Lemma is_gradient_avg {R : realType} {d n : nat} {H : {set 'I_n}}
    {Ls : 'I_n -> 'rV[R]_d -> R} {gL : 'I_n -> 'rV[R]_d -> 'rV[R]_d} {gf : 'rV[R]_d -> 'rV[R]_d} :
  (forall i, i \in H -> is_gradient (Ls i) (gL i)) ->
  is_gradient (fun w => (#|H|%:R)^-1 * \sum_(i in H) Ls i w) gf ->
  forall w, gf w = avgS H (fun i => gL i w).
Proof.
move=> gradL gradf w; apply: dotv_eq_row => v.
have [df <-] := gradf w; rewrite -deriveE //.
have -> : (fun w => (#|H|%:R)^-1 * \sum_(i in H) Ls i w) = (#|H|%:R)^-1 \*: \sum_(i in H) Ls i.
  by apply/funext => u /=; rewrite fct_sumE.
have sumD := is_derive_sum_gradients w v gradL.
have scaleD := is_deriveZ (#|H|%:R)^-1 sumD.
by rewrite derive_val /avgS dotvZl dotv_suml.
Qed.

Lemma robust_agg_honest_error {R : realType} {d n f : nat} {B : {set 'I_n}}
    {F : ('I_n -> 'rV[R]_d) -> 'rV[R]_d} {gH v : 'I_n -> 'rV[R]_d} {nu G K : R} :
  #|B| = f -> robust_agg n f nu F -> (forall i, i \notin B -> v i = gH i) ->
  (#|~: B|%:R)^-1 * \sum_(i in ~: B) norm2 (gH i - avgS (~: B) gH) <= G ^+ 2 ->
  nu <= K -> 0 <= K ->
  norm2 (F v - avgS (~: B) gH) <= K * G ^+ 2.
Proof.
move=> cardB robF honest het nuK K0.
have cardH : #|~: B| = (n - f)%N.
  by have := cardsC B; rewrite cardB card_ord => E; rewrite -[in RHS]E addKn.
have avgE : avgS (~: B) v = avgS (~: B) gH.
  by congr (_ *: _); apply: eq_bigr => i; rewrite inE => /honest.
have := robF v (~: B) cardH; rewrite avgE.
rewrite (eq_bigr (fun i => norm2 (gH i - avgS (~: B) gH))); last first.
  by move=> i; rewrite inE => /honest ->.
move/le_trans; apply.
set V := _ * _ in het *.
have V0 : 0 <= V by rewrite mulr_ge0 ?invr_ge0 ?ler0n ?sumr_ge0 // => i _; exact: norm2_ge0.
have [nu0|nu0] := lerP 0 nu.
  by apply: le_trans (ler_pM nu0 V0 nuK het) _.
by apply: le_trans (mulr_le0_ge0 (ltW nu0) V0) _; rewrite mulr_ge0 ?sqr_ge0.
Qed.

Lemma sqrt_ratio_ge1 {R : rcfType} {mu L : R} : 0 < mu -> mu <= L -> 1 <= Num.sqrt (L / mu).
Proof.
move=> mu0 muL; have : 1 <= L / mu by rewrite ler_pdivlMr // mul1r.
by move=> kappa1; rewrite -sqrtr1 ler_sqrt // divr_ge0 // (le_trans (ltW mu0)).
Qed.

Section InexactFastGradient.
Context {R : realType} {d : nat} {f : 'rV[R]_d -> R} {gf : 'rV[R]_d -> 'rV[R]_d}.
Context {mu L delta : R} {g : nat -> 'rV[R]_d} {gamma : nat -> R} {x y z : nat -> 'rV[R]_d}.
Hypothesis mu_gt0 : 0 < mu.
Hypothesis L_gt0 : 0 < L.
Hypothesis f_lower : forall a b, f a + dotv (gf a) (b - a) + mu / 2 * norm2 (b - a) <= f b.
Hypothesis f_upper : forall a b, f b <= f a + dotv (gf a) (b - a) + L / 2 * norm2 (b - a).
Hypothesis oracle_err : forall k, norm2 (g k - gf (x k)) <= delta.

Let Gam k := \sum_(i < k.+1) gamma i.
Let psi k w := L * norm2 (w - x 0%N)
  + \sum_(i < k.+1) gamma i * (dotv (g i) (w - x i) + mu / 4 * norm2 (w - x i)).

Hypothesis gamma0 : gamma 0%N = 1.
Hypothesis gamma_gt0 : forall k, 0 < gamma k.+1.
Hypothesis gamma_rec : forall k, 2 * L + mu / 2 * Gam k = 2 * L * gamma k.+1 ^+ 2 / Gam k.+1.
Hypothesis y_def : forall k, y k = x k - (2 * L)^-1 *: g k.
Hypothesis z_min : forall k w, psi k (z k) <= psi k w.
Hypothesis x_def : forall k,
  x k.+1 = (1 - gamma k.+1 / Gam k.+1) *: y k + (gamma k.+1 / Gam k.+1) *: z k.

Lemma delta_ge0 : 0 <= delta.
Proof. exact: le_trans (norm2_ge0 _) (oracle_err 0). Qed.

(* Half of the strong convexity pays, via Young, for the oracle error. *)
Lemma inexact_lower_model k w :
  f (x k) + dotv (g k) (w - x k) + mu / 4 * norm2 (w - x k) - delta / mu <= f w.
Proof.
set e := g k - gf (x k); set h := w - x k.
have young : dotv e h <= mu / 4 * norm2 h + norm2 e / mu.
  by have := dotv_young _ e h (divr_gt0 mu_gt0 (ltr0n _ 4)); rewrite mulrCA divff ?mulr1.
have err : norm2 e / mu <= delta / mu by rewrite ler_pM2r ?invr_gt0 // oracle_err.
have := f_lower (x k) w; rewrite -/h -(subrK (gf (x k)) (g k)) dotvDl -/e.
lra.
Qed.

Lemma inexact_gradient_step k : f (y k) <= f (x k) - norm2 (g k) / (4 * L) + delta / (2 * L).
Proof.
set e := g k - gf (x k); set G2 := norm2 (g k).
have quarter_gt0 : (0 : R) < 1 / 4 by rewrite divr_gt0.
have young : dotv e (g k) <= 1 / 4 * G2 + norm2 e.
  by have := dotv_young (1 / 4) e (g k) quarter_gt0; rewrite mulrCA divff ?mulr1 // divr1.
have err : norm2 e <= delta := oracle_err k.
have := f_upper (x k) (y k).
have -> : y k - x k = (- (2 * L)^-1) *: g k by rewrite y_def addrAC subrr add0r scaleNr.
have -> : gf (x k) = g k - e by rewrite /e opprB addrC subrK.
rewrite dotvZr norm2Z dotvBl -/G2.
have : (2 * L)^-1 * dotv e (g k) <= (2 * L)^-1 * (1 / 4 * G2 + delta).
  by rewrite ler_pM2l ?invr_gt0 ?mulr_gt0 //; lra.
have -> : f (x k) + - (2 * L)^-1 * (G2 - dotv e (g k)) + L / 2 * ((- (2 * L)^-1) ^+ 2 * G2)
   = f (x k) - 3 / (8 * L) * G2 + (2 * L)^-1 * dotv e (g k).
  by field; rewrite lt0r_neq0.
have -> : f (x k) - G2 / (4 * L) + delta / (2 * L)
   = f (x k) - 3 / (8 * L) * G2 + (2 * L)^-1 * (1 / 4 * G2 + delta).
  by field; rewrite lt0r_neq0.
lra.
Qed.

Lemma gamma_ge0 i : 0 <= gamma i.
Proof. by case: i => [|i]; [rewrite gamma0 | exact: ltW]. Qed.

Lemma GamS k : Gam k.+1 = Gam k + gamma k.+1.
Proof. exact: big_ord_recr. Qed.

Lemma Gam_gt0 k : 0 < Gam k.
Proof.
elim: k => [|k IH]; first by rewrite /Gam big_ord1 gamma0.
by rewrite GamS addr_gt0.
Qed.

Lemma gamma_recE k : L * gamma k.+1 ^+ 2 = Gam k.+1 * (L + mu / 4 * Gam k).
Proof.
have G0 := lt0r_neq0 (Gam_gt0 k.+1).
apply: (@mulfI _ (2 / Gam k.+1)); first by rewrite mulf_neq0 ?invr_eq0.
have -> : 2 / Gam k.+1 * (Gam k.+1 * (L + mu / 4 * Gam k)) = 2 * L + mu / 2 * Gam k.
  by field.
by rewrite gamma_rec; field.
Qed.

####################

### PROBLEM DESCRIPTION
Every line holding the string "sumD" should be copied here, so please find those lines in the data.

### EXERCISE OUTPUT
have sumD := is_derive_sum_gradients w v gradL.
have scaleD := is_deriveZ (#|H|%:R)^-1 sumD.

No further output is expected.